Matron has just called me to her study. She is wearing a look of disdainful satisfaction as she indicates for me to sit down. I’m not here for a roasting then, if I was, I would remain standing. The absence of tissues and cordial on matron’s desk means that nobody has died. 
 
“You have no idea why you’re here.” She is not making a statement, nor asking a question, more like making an accusation.
 
I shake my head. I feel guilty but I don’t know why. 
 
“When did you last hear from your parents?”
 
“At half-term Miss.”
 
“You’ve had no contact with them since?”
 
“My mother sent a box of biscuits a couple of weeks ago.”
 
“Ah yes biscuits.” Matron narrows her eyes and asks, “Was there any message sent with the biscuits?
 
“No Miss.” I think what is this? Some new rule not allowing notes to be sent with the Rich Tea. Have I broken the secret biscuit’s act and not even realised?
 
Matron opens her desk drawer and takes out a copy of ‘The Times’. She places it on the desk in front of me and tells me to look at it. On the front page there is a picture of my father in full military dress. I think my God he must have died.

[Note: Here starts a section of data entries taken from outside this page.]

Lemma mem_with_input w rho i : i < length w -> mem_with w rho i = nth i w 0.
Proof. unfold mem_with. intros Hi. now destruct (Nat.ltb_spec i (length w)); [|lia]. Qed.

Lemma mem_with_estimate w rho x : mem_with w rho (length w + x) = rho x.
Proof.
  unfold mem_with. destruct (Nat.ltb_spec (length w + x) (length w)); [lia|]. f_equal; lia.
Qed.

Lemma upd_mem_with w rho x v : upd (mem_with w rho) (length w + x) v = mem_with w (upd rho x v).
Proof.
  apply functional_extensionality; intros i. unfold upd, mem_with.
  destruct (Nat.ltb_spec i (length w)).
  - destruct (Nat.eqb_spec i (length w + x)); [lia|auto].
  - destruct (Nat.eqb_spec i (length w + x)), (Nat.eqb_spec (i - length w) x); auto; lia.
Qed.

Lemma init_mem_with w : (fun i => nth i w 0) = mem_with w (fun _ => 0).
Proof.
  apply functional_extensionality; intros i. unfold mem_with.
  destruct (Nat.ltb_spec i (length w)); [reflexivity|]. now apply nth_overflow.
Qed.

Lemma skipn_eq_app (A l w : list nat) p : skipn p w = A ++ l ->
  (forall i, i < length A -> p + i < length w /\ nth (p + i) w 0 = nth i A 0) /\
  skipn (p + length A) w = l.
Proof.
  intros H. split.
  - intros i Hi. split.
    + assert (E := length_skipn p w). rewrite H, length_app in E. lia.
    + rewrite <- nth_skipn, H, app_nth1; auto.
  - rewrite Nat.add_comm, <- skipn_skipn, H, skipn_app, skipn_all, Nat.sub_diag. reflexivity.
Qed.

Lemma skipn_encode_impl w p A b rest :
  skipn p w = flat_map encode_impl ((A, b) :: rest) ->
  p < length w /\ nth p w 0 = length A /\
  (forall i, i < length A -> 1 + p + i < length w /\ nth (1 + p + i) w 0 = nth i A 0) /\
  1 + p + length A < length w /\ nth (1 + p + length A) w 0 = b /\
  skipn (2 + p + length A) w = flat_map encode_impl rest.
Proof.
  intros Hw.
  assert (Hw' : skipn p w = [length A] ++ A ++ [b] ++ flat_map encode_impl rest)
    by (rewrite Hw; cbn; unfold encode_impl; cbn; now rewrite <- app_assoc).
  destruct (skipn_eq_app _ _ w p Hw') as [Hlen Hw1].
  destruct (Hlen 0 ltac:(cbn; lia)) as [Hp Hnp]. rewrite Nat.add_0_r in Hp, Hnp.
  cbn [length] in Hw1.
  destruct (skipn_eq_app _ _ w _ Hw1) as [HA Hw2].
  destruct (skipn_eq_app [b] _ w _ Hw2) as [Hb Hw3].
  destruct (Hb 0 ltac:(cbn; lia)) as [Hb1 Hb2]. rewrite Nat.add_0_r in Hb1, Hb2.
  cbn [length] in Hw3.
  split; [exact Hp|split; [exact Hnp|split; [|split; [|split]]]].
  - intros i Hi. replace (1 + p + i) with (p + 1 + i) by lia. now apply HA.
  - replace (1 + p + length A) with (p + 1 + length A) by lia. exact Hb1.
  - replace (1 + p + length A) with (p + 1 + length A) by lia. exact Hb2.
  - replace (2 + p + length A) with (p + 1 + length A + 1) by lia. exact Hw3.
Qed.

(* Register roles: 0 and 1 hold the constants 0 and 1; 2 = n; 3 = |Sigma|; 4 = L, the
   length of the input word, where the estimate rho is stored (M[L + x] = rho x);
   5 = budget; 6 = changed flag; 7 = read pointer into the input; 8 = implications
   left; 9 = |A|; 10 = address of b; 12 = b; 13 = premises left; 14 = a;
   15, 16 = L + a, L + b; 17 = rho a; 18 = rho b + 1; 19, 20 = comparison counters;
   11 and 21 to 24 = loop counters and copy pointers.
   On failure the program jumps to 97; otherwise it copies rho to M[1 .. n] and sets
   M[0] := 1. *)
Definition prog : program := [
 (*0*) Inc 1; Ld 2 0; Ld 3 1; Mov 7 1; Inc 7; Mov 8 3;
 (*6*) Jz 8 16; Ld 9 7; Jz 9 12; Inc 7; Dec 9; Jmp 8;
 (*12*) Inc 7; Inc 7; Dec 8; Jmp 6;
 (*16*) Mov 4 7; Mov 21 2;
 (*18*) Jz 21 26; Mov 11 2; Jz 11 24; Inc 5; Dec 11; Jmp 20; Dec 21; Jmp 18;
 (*26*) Mov 6 0; Mov 7 1; Inc 7; Mov 8 3;
 (*30*) Jz 8 83; Ld 9 7; Inc 7; Mov 10 7; Mov 11 9;
 (*35*) Jz 11 39; Inc 10; Dec 11; Jmp 35;
 (*39*) Ld 12 10; Mov 13 9;
 (*41*) Jz 13 80; Ld 14 7; Inc 7; Dec 13;
 (*45*) Mov 15 4; Mov 11 14;
 (*47*) Jz 11 51; Inc 15; Dec 11; Jmp 47;
 (*51*) Ld 17 15; Mov 16 4; Mov 11 12;
 (*54*) Jz 11 58; Inc 16; Dec 11; Jmp 54;
 (*58*) Ld 18 16; Inc 18; Mov 19 17; Mov 20 18;
 (*62*) Jz 19 67; Jz 20 69; Dec 19; Dec 20; Jmp 62;
 (*67*) Jz 20 41; Jmp 75;
 (*69*) Jz 5 97; Dec 5; Mov 6 1; Dec 17; St 16 17; Jmp 41;
 (*75*) Jz 5 97; Dec 5; Mov 6 1; St 15 18; Jmp 41;
 (*80*) Inc 7; Dec 8; Jmp 30;
 (*83*) Jz 6 85; Jmp 26;
 (*85*) Mov 22 4; Mov 23 1; Mov 21 2;
 (*88*) Jz 21 95; Ld 24 22; St 23 24; Inc 22; Inc 23; Dec 21; Jmp 88;
 (*95*) St 0 1; Jmp 98;
 (*97*) St 0 0 ].

Ltac regs_simpl :=
  cbn [upd Nat.eqb] in *;
  repeat match goal with H : ?R ?r = _ |- context [?R ?r] => is_var R; rewrite H end;
  cbn [upd Nat.eqb].

(* Rewriting [k - 1 - 1] to [k - 2] keeps the remaining step budget a single subtraction,
   which [lia] handles without case splits. *)
Ltac run :=
  regs_simpl; apply reaches_step; [lia|]; rewrite <- ?Nat.sub_add_distr; cbn [Nat.add];
  cbn [step pc regs mem nth_error prog]; regs_simpl.

Ltac case_in H :=
  simpl in H;
  repeat match type of H with
  | _ \/ _ => destruct H as [<-|H]
  | False => destruct H
  end.

Ltac use_frame H := regs_simpl; rewrite ?H by (cbn; tauto); regs_simpl.

Ltac upd_ext :=
  apply functional_extensionality; intro;
  unfold upd; repeat match goal with |- context [?i =? ?j] => destruct (Nat.eqb_spec i j) end;
  subst; (congruence || lia).

Lemma compare_spec x : forall y R M, R 19 = x -> R 20 = y ->
  reaches prog (Cfg 62 R M)
    (fun c => c = Cfg (if x <? y then 75 else if y <? x then 69 else 41)
                      (upd (upd R 19 (x - y)) 20 (y - x)) M)
    (5 * x + 4).
Proof.
  induction x as [|x IH]; intros y R M Hx Hy; run; destruct y as [|y].
  - run. apply reaches_now. f_equal. upd_ext.
  - run. run. apply reaches_now. f_equal. upd_ext.
  - run. apply reaches_now. f_equal. upd_ext.
  - run. run. run. run.
    eapply reaches_mono; [|eapply reaches_impl; [|apply (IH y _ M)]]; regs_simpl; auto; [lia|].
    intros c ->. f_equal. upd_ext.
Qed.

Lemma relax_spec w rho beta ch a b R :
  R 0 = 0 -> R 1 = 1 -> R 4 = length w -> R 14 = a -> R 12 = b -> R 5 = beta -> R 6 = ch ->
  reaches prog (Cfg 45 R (mem_with w rho))
    (fun c => match relax a b (rho, beta, ch) with
       | None => pc c = 97 /\ regs c 0 = 0
       | Some (rho', beta', ch') =>
           pc c = 41 /\ mem c = mem_with w rho' /\ regs c 5 = beta' /\ regs c 6 = ch' /\
           forall r, In r [0; 1; 2; 3; 4; 7; 8; 12; 13] -> regs c r = R r
       end)
    (4 * a + 4 * b + 5 * rho a + 30).
Proof.
  intros H0 H1 H4 Ha Hb Hbe Hch.
  run. run.
  eapply reaches_seq; [apply (add_loop_spec prog 47 15 11); try reflexivity; discriminate| |].
  { regs_simpl. lia. }
  intros c' ->.
  run. run. run.
  eapply reaches_seq; [apply (add_loop_spec prog 54 16 11); try reflexivity; discriminate| |].
  { regs_simpl. lia. }
  intros c' ->.
  run. rewrite mem_with_estimate. run. rewrite mem_with_estimate. run. run.
  eapply reaches_seq; [apply (compare_spec (rho a) (S (rho b))); regs_simpl; reflexivity|lia|].
  intros c' ->. unfold relax.
  destruct (Nat.ltb_spec (rho a) (S (rho b))); [|destruct (Nat.ltb_spec (S (rho b)) (rho a))].
  - run. destruct beta as [|beta']; cbn.
    + apply reaches_now. cbn. auto.
    + run. run. run. rewrite upd_mem_with. run. apply reaches_now. cbn.
      repeat split; auto. intros r Hr. case_in Hr; regs_simpl; auto.
  - run. destruct beta as [|beta']; cbn.
    + apply reaches_now. cbn. auto.
    + run. run. run. run. rewrite upd_mem_with. run. apply reaches_now. cbn.
      repeat split; auto. intros r Hr. case_in Hr; regs_simpl; auto.
  - apply reaches_now. cbn. repeat split; auto. intros r Hr. case_in Hr; regs_simpl; auto.
Qed.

​Then I see the headline ‘Traitor’.
​
***

I have to pack immediately, there is to be no ceremony about my leaving. Matron says that if the press track me down here, the school will be under siege, and think what that will do for its reputation. It will probably lose some of its best pupils as it is once this gets out. I ask if I can say goodbye to Diana, and Matron says through pursed lips, that she will be informed of my departure.
 
There is a letter from my mother; matron takes it from the pocket of her cardigan and hands it to me saying, “Here are your arrangements.”  Then she signals for me to leave by a flick of her wrist.

My feeling of guilt intensifies, or is it shame, but I’m not quite sure whom it is that I’m ashamed of. My father, for betraying his country, for aiding and abetting a regime so far removed from his own ideals, and for profiting by it, or the Russians for accepting information from someone who was such a blatant capitalist. Or was the guilt and shame my own, after all hadn’t I profited too. Our whole life style had been supported by his ill-gotten gains, not just things like the house, and the car, but even my place in this school. I think it ironic that it was the communists all along who were providing me with my private education.
 
The taxi has arrived to take me to the station. Miss Bradshaw the Art mistress helps me with my suitcase.  I can feel matron’s eyes boring into my back as she watches me leave from her study window. I have left a hurried note for Diana, along with what is left of the biscuits. My mother will be meeting me from the train and we are going to be leasing a remote cottage in north Wales. Our name is to be changed to Royal to protect our identities; it is a sort of anagram of Taylor, and I think it very fitting when you consider my father is a guest at Her Majesty’s pleasure.
 
Diana found my note just in time, she comes running down the platform, as the train is about to pull away, her face flushed with the emotion and exertion.

I call to her, waving frantically from the window.

She sees me and uses what breath she has left to call back, “Remember to write.”